> _Exercise inputs_:
○ ○ ○

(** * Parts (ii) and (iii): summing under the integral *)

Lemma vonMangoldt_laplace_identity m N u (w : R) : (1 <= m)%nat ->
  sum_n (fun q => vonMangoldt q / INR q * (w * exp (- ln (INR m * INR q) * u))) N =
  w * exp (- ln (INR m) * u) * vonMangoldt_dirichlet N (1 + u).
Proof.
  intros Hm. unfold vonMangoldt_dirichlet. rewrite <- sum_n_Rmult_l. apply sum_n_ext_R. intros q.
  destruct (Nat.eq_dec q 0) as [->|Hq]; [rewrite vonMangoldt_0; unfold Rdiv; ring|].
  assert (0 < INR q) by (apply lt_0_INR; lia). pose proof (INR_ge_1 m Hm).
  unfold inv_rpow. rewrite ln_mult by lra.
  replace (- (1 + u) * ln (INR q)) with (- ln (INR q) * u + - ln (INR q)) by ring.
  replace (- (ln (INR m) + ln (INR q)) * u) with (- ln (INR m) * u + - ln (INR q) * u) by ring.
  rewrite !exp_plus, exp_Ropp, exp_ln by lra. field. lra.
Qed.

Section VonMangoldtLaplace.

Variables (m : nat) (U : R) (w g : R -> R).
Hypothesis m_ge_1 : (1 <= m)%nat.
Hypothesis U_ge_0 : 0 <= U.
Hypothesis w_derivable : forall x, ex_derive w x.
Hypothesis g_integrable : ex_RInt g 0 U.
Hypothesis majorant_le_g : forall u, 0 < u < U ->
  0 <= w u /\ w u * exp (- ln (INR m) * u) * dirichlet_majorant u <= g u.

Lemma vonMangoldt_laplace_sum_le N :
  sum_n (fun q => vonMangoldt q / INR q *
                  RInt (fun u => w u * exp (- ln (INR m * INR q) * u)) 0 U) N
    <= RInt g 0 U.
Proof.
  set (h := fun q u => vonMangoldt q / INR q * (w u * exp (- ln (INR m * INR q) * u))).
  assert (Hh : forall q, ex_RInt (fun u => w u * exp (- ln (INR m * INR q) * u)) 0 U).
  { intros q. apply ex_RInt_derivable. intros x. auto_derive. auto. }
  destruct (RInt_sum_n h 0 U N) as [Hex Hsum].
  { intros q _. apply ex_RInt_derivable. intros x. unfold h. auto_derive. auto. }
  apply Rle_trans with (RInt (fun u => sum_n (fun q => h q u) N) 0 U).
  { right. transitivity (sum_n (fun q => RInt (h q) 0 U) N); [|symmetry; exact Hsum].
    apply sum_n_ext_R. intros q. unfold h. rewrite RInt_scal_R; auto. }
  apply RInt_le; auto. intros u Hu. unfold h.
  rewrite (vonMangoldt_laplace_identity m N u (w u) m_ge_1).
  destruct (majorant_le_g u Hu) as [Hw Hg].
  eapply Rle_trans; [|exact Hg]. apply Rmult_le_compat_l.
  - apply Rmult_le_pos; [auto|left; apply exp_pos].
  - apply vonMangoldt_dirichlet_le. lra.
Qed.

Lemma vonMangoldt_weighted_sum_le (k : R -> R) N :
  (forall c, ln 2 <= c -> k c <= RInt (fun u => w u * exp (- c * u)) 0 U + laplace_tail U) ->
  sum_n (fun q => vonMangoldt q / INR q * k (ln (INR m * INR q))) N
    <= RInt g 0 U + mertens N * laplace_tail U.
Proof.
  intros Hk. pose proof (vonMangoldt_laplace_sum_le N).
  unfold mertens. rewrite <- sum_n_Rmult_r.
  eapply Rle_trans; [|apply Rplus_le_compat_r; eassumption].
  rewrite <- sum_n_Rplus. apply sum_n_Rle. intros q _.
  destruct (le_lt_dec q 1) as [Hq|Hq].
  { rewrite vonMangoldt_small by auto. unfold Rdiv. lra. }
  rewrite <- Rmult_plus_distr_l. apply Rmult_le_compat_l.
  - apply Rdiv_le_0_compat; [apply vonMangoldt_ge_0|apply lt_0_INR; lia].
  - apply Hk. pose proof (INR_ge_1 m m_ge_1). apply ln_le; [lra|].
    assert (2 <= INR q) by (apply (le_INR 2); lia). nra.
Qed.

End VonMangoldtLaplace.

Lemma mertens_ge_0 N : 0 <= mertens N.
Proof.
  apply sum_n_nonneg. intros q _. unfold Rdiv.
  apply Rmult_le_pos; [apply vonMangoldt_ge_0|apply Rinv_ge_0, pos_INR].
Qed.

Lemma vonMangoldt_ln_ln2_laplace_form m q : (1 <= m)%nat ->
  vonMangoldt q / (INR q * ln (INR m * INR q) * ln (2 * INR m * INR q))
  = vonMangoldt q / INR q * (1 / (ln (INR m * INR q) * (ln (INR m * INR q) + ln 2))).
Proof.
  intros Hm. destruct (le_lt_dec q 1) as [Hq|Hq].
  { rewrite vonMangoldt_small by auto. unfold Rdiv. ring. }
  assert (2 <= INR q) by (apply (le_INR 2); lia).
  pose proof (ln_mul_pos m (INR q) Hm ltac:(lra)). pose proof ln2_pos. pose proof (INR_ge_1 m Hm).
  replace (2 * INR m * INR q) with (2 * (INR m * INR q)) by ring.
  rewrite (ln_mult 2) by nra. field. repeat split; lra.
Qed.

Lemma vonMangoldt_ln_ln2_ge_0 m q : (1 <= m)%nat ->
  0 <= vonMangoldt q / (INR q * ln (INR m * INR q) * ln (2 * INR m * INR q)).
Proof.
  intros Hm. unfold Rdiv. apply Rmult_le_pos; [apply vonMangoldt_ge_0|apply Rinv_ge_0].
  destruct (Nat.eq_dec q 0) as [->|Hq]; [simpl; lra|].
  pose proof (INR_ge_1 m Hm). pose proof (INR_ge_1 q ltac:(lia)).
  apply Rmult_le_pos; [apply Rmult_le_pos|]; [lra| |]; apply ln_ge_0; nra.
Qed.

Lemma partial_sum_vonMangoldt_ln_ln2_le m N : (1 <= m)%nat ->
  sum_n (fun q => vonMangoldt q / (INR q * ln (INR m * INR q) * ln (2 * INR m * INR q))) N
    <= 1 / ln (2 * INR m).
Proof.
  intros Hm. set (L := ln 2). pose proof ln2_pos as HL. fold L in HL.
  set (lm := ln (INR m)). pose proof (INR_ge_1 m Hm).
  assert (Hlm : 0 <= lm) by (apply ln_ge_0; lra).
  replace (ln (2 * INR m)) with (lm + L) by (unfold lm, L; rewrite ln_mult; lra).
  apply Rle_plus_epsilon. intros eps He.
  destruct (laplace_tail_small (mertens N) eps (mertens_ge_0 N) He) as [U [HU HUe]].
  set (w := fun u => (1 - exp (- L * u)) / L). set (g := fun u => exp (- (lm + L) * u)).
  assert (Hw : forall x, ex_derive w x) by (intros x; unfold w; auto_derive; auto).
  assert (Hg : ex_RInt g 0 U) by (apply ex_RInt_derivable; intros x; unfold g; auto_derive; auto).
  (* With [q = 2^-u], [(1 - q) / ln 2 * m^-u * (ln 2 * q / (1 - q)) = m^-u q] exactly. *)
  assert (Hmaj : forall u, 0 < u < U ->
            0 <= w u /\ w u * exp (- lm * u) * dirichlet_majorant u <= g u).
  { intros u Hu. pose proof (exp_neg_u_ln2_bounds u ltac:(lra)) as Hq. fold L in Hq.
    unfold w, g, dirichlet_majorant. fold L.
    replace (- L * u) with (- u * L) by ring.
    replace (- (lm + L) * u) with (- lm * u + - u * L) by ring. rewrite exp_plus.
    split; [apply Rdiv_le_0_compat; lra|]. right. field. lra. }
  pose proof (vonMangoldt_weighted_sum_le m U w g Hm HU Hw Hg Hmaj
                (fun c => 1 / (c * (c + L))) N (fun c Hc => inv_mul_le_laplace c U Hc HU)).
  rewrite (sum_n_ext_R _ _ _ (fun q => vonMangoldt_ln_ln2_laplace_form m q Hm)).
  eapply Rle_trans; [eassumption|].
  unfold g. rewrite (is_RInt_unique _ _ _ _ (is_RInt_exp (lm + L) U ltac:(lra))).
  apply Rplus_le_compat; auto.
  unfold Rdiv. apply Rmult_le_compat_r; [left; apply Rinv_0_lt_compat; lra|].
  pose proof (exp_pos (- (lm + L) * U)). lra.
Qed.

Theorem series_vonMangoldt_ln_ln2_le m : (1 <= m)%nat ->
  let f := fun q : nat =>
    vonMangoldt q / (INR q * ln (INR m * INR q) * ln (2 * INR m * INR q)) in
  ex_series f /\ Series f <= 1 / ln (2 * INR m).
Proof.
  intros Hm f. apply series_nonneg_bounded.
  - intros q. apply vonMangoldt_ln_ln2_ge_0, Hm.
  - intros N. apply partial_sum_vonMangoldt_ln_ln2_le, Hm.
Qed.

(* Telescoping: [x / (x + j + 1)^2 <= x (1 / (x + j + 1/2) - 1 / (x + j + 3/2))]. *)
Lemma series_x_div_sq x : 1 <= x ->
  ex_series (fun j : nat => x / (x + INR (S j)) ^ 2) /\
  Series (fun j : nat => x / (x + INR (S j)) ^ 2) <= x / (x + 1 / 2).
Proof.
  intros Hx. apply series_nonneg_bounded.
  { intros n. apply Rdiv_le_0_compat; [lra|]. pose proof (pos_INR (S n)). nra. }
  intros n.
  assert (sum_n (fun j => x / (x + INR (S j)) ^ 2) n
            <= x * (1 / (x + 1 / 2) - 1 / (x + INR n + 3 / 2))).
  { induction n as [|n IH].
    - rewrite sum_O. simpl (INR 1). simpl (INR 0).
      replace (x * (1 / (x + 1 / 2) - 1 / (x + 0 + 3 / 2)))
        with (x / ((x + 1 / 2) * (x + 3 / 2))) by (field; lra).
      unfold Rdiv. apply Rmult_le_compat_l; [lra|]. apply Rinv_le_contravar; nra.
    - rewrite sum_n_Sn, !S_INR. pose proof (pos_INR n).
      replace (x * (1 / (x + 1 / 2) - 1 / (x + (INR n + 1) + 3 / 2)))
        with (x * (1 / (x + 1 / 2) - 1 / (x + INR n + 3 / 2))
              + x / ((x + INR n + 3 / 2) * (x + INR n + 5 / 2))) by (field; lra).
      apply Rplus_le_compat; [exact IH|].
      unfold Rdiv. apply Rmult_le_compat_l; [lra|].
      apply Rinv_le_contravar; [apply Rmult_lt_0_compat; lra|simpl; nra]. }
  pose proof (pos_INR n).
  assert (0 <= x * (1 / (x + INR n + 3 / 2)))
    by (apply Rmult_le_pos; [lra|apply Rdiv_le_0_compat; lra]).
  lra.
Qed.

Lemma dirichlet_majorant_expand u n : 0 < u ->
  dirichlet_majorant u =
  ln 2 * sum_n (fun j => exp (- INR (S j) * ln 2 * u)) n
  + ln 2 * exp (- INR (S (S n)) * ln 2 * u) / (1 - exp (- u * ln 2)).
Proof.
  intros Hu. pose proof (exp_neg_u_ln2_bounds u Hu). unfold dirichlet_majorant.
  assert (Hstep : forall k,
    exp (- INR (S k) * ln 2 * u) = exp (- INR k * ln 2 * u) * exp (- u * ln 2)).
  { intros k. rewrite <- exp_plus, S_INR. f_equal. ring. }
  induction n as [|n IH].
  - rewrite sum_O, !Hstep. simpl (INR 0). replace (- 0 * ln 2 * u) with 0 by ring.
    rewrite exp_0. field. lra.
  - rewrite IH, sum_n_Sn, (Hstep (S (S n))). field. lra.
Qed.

○ ○ ○

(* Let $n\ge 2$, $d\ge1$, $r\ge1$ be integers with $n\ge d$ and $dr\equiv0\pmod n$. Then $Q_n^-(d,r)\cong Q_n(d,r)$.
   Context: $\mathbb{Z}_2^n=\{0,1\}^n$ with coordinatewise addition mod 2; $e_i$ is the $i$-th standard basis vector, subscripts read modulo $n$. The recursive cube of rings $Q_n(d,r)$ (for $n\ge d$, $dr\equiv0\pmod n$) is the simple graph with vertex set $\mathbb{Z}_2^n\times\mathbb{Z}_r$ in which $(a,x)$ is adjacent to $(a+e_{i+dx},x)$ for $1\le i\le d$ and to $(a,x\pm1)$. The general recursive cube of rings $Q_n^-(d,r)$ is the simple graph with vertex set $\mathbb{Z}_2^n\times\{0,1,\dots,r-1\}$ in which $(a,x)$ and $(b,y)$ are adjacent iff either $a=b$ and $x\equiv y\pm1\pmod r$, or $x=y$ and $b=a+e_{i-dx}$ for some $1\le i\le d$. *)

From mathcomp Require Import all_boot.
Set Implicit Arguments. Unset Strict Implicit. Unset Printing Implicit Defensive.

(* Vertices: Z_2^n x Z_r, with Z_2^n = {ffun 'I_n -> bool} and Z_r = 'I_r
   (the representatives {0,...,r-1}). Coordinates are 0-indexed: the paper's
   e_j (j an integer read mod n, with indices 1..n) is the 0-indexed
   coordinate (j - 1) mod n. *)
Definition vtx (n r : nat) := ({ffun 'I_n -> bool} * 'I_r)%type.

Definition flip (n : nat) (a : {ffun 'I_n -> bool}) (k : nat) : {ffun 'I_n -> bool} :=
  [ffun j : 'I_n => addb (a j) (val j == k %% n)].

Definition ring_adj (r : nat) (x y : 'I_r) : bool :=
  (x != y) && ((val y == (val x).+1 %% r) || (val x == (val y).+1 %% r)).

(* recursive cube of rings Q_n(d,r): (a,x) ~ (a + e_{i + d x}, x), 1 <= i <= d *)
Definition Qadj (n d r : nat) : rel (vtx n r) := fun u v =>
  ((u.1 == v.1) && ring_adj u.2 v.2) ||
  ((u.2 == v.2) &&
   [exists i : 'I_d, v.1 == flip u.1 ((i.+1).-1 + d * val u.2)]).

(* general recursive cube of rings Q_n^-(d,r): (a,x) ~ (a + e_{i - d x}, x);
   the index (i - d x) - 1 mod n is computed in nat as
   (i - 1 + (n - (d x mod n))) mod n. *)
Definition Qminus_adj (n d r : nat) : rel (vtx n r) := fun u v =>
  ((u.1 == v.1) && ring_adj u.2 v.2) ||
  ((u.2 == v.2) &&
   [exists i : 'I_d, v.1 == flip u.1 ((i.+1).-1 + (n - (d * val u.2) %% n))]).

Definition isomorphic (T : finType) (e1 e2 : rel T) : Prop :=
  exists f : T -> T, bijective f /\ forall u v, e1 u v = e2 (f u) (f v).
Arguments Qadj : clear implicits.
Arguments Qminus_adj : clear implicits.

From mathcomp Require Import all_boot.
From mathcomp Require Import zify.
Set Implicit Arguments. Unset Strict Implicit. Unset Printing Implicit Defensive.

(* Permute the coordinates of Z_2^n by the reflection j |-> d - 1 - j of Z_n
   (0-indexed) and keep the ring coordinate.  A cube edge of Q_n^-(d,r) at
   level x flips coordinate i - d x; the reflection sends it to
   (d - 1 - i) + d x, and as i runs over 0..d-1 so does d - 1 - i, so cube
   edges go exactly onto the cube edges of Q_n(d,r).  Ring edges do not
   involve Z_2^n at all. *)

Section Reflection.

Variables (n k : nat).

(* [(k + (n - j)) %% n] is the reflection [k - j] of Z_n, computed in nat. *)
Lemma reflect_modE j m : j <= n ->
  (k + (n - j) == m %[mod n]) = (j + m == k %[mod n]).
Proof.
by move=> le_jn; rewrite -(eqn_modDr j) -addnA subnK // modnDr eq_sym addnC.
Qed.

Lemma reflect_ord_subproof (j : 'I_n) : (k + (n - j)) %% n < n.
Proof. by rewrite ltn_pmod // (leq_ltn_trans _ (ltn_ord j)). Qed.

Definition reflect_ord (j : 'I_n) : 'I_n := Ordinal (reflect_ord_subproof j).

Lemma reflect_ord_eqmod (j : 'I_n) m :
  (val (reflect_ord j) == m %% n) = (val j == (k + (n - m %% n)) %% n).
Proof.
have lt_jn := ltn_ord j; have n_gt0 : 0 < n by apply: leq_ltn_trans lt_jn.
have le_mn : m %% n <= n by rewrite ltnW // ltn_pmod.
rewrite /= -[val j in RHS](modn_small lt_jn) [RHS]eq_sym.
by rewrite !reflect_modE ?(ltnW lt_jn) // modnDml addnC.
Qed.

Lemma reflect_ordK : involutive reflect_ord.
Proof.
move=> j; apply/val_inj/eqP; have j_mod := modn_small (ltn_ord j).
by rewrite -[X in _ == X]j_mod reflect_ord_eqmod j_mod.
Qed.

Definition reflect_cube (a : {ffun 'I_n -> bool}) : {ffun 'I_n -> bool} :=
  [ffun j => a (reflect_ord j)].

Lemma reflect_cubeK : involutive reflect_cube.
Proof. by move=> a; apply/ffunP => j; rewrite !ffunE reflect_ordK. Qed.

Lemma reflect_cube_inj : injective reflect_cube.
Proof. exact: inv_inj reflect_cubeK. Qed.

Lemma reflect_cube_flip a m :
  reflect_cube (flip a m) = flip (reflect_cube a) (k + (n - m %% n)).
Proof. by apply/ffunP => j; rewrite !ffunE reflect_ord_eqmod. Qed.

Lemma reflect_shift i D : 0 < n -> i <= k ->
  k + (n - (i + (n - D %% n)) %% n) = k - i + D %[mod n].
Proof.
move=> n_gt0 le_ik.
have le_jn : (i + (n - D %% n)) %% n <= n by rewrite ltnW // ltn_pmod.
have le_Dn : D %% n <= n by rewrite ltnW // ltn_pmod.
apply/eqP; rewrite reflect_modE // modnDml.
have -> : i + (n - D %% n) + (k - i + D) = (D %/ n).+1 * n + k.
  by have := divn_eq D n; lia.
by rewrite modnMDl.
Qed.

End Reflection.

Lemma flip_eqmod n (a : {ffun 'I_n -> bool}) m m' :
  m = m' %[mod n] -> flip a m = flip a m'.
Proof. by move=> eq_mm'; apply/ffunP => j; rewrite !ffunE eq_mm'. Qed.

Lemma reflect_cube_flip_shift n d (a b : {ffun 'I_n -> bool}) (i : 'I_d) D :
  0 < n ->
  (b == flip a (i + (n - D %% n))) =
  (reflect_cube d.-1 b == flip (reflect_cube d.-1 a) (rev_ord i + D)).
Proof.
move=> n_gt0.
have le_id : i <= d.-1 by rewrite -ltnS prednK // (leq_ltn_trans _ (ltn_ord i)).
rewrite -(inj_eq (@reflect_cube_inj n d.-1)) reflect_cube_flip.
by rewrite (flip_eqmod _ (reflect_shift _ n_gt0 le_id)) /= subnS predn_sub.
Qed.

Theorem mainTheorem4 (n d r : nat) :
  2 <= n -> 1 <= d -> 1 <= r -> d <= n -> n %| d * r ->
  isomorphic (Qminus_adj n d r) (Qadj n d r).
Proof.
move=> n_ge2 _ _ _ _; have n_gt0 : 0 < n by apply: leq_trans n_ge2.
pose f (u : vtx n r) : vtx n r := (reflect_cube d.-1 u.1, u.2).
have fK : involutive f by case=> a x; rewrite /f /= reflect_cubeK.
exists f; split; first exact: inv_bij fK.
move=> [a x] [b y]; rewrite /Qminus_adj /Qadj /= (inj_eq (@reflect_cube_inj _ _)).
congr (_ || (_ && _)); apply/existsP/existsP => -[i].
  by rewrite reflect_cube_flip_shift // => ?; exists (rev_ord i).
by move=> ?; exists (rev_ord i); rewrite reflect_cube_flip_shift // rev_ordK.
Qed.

○ ○ ○

> _What the task asks_:
If a line of the records contains the word "involutive", count it; give only the total.

> _Task answer_:
3